"""

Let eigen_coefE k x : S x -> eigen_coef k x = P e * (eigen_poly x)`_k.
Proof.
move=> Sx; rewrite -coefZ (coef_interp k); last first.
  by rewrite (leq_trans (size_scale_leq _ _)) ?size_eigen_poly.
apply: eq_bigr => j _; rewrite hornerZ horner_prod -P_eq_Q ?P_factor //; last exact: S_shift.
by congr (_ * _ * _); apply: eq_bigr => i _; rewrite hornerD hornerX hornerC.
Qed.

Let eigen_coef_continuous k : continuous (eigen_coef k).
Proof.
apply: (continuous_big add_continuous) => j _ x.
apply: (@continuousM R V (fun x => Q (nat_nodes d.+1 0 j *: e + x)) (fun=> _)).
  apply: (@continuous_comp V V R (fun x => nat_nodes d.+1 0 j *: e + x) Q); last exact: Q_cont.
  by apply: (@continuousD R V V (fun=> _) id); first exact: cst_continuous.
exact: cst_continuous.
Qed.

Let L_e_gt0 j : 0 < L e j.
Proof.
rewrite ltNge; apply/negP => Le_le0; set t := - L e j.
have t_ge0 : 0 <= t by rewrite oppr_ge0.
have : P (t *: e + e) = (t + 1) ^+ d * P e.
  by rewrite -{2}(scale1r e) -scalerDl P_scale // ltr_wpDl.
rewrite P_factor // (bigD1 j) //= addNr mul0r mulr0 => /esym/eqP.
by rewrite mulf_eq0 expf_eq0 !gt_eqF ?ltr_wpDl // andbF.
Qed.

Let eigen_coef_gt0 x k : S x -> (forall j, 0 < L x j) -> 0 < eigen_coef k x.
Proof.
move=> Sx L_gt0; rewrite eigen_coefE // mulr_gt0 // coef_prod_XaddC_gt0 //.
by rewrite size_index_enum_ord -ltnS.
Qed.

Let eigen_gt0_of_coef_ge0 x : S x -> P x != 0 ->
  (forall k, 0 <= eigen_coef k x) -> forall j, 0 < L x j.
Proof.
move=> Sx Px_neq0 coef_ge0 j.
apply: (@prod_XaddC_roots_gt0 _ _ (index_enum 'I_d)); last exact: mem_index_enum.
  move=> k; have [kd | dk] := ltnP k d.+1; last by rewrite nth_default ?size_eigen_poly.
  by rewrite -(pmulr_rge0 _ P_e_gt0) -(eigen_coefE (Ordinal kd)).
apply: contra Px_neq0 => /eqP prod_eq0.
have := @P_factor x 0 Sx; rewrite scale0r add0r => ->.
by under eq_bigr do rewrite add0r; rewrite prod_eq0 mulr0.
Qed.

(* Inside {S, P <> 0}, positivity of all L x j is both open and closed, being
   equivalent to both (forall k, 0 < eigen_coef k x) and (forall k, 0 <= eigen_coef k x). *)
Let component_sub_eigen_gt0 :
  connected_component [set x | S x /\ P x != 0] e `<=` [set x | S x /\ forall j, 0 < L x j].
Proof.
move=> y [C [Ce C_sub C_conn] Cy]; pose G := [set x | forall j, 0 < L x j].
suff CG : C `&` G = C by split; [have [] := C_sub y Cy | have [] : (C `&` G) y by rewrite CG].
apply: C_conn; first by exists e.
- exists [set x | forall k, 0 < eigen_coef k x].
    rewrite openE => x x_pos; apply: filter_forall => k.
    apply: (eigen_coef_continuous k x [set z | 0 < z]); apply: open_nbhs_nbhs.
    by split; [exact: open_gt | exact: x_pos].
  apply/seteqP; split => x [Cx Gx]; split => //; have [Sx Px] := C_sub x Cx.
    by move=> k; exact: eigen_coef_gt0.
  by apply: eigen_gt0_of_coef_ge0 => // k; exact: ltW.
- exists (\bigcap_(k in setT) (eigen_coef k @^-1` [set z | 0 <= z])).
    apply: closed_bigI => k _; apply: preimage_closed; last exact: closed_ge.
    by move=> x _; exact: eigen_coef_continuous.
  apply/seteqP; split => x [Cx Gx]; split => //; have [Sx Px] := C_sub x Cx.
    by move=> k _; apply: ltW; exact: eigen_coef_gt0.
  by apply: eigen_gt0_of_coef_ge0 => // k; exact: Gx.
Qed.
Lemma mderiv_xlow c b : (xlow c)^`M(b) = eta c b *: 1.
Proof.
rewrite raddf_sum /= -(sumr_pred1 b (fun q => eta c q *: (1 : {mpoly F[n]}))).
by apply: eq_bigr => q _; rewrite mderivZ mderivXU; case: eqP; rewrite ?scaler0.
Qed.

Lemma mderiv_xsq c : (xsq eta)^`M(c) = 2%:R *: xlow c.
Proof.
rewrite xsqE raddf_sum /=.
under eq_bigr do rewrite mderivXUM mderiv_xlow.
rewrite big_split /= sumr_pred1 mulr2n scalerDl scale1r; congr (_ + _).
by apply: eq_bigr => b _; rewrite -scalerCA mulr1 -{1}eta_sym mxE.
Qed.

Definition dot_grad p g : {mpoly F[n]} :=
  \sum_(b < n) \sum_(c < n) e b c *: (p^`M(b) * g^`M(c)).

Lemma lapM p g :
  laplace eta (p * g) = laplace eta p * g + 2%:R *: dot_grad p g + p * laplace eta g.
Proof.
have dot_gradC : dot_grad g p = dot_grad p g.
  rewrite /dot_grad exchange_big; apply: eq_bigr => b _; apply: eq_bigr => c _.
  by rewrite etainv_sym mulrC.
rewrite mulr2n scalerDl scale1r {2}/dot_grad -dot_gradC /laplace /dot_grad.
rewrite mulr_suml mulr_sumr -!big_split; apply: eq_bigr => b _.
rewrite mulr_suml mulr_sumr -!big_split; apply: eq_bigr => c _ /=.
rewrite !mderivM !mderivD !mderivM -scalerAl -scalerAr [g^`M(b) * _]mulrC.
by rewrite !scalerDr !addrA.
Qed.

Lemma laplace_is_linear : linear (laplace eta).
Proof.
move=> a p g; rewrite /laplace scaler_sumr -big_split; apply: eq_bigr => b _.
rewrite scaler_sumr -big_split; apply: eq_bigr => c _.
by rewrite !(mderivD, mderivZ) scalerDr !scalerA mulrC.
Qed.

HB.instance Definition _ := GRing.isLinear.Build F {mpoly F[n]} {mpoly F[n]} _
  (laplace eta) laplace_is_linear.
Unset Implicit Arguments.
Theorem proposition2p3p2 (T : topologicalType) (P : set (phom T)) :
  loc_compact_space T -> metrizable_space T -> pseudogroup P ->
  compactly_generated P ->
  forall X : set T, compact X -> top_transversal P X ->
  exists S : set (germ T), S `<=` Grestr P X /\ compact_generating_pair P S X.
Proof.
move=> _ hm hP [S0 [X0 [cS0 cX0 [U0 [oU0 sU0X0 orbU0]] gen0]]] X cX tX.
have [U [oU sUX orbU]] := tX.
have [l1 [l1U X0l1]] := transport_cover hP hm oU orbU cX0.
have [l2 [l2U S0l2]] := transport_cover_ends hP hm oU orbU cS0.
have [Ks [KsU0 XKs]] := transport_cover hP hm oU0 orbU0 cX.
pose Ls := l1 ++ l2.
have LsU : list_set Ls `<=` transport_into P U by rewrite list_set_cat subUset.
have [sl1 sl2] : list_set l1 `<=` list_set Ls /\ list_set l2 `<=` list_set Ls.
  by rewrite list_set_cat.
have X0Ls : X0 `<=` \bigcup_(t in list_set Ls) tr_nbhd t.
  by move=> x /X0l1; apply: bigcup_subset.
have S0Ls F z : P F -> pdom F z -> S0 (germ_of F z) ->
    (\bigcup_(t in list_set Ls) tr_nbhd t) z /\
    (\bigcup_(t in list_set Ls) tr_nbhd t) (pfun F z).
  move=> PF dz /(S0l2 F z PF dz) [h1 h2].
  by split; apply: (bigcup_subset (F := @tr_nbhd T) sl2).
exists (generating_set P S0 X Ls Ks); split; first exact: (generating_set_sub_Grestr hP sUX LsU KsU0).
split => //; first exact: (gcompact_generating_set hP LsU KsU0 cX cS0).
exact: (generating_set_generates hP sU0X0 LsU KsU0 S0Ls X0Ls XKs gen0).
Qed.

"""

> **EXERCISE INSTRUCTIONS**
Repeat, exactly as they stand, the line that contains "have X0Ls : X0" and all the lines after it in the data above.

> **ANSWER SECTION**
have X0Ls : X0 `<=` \bigcup_(t in list_set Ls) tr_nbhd t.
  by move=> x /X0l1; apply: bigcup_subset.
have S0Ls F z : P F -> pdom F z -> S0 (germ_of F z) ->
    (\bigcup_(t in list_set Ls) tr_nbhd t) z /\
    (\bigcup_(t in list_set Ls) tr_nbhd t) (pfun F z).
  move=> PF dz /(S0l2 F z PF dz) [h1 h2].
  by split; apply: (bigcup_subset (F := @tr_nbhd T) sl2).
exists (generating_set P S0 X Ls Ks); split; first exact: (generating_set_sub_Grestr hP sUX LsU KsU0).
split => //; first exact: (gcompact_generating_set hP LsU KsU0 cX cS0).
exact: (generating_set_generates hP sU0X0 LsU KsU0 S0Ls X0Ls XKs gen0).
Qed.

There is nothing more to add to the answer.